The immunotherapy drug addressed allergies to birch, a seasonal allergy, or allergies to dust, “something that’s common for asthmatics,” Koenig said.
“In both of those contexts, we found those cells.”
Researchers also looked at people with peanut allergies, one of the most common food allergies. MBC2 was found to be producing antibodies in those people as well—suggesting this cell could be the culprit behind a wide scope of allergies.
“What underlies these different conditions is the same thing,” Koenig said. “And so how we’re thinking about it is that basically any allergy that has these allergic antibodies—which is pretty well all of them—these are the ones that have these types of cells (MBC2).”
Massive potential for treatments
The implications are vast, researchers say.

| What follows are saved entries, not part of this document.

(* The inequality that forces [K] to be large (through [B_le]); it makes [TT] a contraction. *)
Lemma RInt_hh_le t : 0 <= t -> RInt hh 0 t <= drho t / 2.
Proof.
  intros Ht.
  assert (Hmono : drho 0 / 2 - RInt hh 0 0 <= drho t / 2 - RInt hh 0 t).
  { apply (le_of_derive_nonneg (fun x => drho x / 2 - RInt hh 0 x) (fun x => d2rho x / 2 - hh x));
      [exact Ht | | |].
    - intros x _. apply (continuous_minus (fun x => drho x / 2)).
      + apply (continuous_mult drho (fun _ => / 2));
          [apply continuous_drho | apply continuous_const].
      + apply (ex_derive_continuous (fun x => RInt hh 0 x)). eexists.
        apply is_derive_RInt_continuous, continuous_hh.
    - intros x Hx. apply (is_derive_minus (fun x => drho x / 2)).
      + apply (is_derive_ext (fun x => / 2 * drho x)); [intros; simpl; unfold Rdiv; ring |].
        replace (d2rho x / 2) with (/ 2 * d2rho x) by (unfold Rdiv; ring).
        apply is_derive_scal, is_derive_drho. lra.
      + apply is_derive_RInt_continuous, continuous_hh.
    - intros x Hx. unfold d2rho, hh. rewrite !rpow_pos by lra.
      pose proof k_le. pose proof B_le. pose proof K_ge1. pose proof bet_gt1.
      pose proof (exp_pos (K * x)). pose proof (Rpower_gt0 x (bet - 1)).
      pose proof (Rpower_gt0 x bet). pose proof (Rpower_gt0 x (bet + 1)).
      replace (((bet + 1) * bet * Rpower x (bet - 1) + 2 * K * (bet + 1) * Rpower x bet
                + K ^ 2 * Rpower x (bet + 1)) * exp (K * x) / 2
               - exp (K * x) * (B * Rpower x (bet + 1) + k * Rpower x (bet - 1)))
        with (exp (K * x) * (((bet + 1) * bet / 2 - k) * Rpower x (bet - 1)
               + K * (bet + 1) * Rpower x bet + (K ^ 2 / 2 - B) * Rpower x (bet + 1)))
        by field.
      apply Rmult_le_pos; [lra |].
      assert (0 <= ((bet + 1) * bet / 2 - k) * Rpower x (bet - 1)) by (apply Rmult_le_pos; lra).
      assert (0 <= (K ^ 2 / 2 - B) * Rpower x (bet + 1)) by (apply Rmult_le_pos; lra).
      assert (0 <= K * (bet + 1) * Rpower x bet)
        by (apply Rmult_le_pos; [apply Rmult_le_pos |]; lra).
      lra. }
  rewrite drho_0, RInt_point in Hmono. unfold zero in Hmono; simpl in Hmono. lra.
Qed.

Lemma rho_small x : 0 < x -> x <= s0 -> 2 * C0 * rho x <= A / 2 * Rpower x bet.
Proof.
  intros Hx Hxs. unfold rho. rewrite rpow_pos, Rpower_plus1 by exact Hx.
  pose proof s0_small. pose proof C0_ge1. pose proof K_ge1. pose proof K_s0.
  pose proof (Rpower_gt0 x bet).
  assert (exp (K * x) <= exp kap) by (apply exp_le; nra).
  assert (x * exp (K * x) <= s0 * exp kap) by (apply Rmult_le_compat; try lra; left; apply exp_pos).
  assert (2 * C0 * (x * exp (K * x)) <= A / 2) by nra.
  replace (2 * C0 * (Rpower x bet * x * exp (K * x)))
    with (Rpower x bet * (2 * C0 * (x * exp (K * x)))) by ring.
  rewrite (Rmult_comm (A / 2)). apply Rmult_le_compat_l; lra.
Qed.

Definition Uref t := A * rpow t bet.
Definition ell t := A / 2 * rpow (Rmin t s0) bet.
Definition rhs u := bet / 2 * u + gam * Rpower u (gam - 1).

Lemma Uref_pos x : 0 < x -> Uref x = A * Rpower x bet.
Proof. intros Hx. unfold Uref. rewrite rpow_pos by exact Hx. reflexivity. Qed.

Lemma ell_gt0 x : 0 < x -> 0 < ell x.
Proof.
  intros Hx. unfold ell. pose proof A_gt0. pose proof s0_gt0.
  assert (Hm : 0 < Rmin x s0) by (apply Rmin_pos; assumption).
  rewrite rpow_pos by exact Hm. pose proof (Rpower_gt0 (Rmin x s0) bet). nra.
Qed.

Lemma ell_le_Uref x : 0 < x -> ell x <= Uref x.
Proof.
  intros Hx. unfold ell, Uref. pose proof A_gt0. pose proof bet_gt1.
  assert (rpow (Rmin x s0) bet <= rpow x bet) by (apply rpow_le; [lra | apply Rmin_l]).
  pose proof (rpow_ge0 (Rmin x s0) bet). nra.
Qed.

Lemma Rpower_Uref x : 0 < x ->
  Rpower (A * Rpower x bet) (gam - 1) = Rpower A (gam - 1) * Rpower x (bet - 2).
Proof.
  intros Hx. rewrite <- Rpower_mult_distr by (apply A_gt0 || apply Rpower_gt0).
  rewrite Rpower_mult, <- bet_gam1. reflexivity.
Qed.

If an allergic reaction is the destructive stampede caused by someone shouting ‘fire’ in a packed auditorium, MBC2 is the person who yelled. It’s not the cause of the damage itself, but if it could be stopped from triggering the production of allergic antibodies, there would, theoretically, be no allergic reaction.
“The discovery really pinpoints two potential therapeutic approaches we might be able to take,” Kelly Bruton, a postdoctoral fellow at Stanford University, said in a press release. Bruton co-led the research with Koenig when she was a PhD student at McMaster.
“The first is targeting those MBC2s and eliminating them from an allergic person. The other option could involve changing their function and have them do something that’s not going to be ultimately harmful when the individual is exposed to the allergen.”
Koenig said his colleagues are already working on understanding how to inactivate the cell, and that many other pharmaceutical companies will be able to come up with their own drugs that target this cell to shut it off without damaging the surrounding cells.
So will we start seeing medication that can shut off a peanut allergy on the shelves any day now? Not yet, Koenig says.
Ensuring the safety and efficacy of new drugs takes a long time, and so we’re looking a “a minimum of five years” to even understand how to apply this information into a drug and start the regulatory process.
“If there’s stuff that ends up getting into these clinical trials from this work, that five to 10 year time point is possible,” Koenig said. “Or if we need to make completely new things, it may be even longer than that.”
This research received funding from the Schroeder Allergy and Immunology Research Institute, Food Allergy Canada, ALK Abelló A/S, the Zych Family, the Satov Family, the Canadian Allergy Asthma and Immunology Foundation, and the Cancer Research Institute Irvington Postdoctoral Fellowship, according to the release.
There’s still a huge host of unanswered questions about allergies, Koenig said.
For instance, researchers don’t know what causes some allergic reactions to be so severe, or why the same person might have varying levels of severity in their allergic reactions over the span of their life.
We also still don’t know why the body produces MBC2 in the first place in people with allergies. The mistake likely happens even earlier, with the body seeing something it doesn’t recognize and then creating MBC2 in order to remember that the body is suspicious of a certain substance.
“We think that they are really mediators of this disease, or they’re really the ones that are keeping people allergic in that long term,” Koenig said. “How it emerges, how the cell comes to exist, is still a mystery that we need to figure out.”
But we don’t need to understand why the severity varies or why MBC2 emerges in order to target it for therapies.
“The really important thing is, before, we couldn’t even see the horizon, didn’t know what it was that we were trying to (target),” Koenig said. “Now, the horizon’s in view. And we know exactly where we need to go and what we need to do.”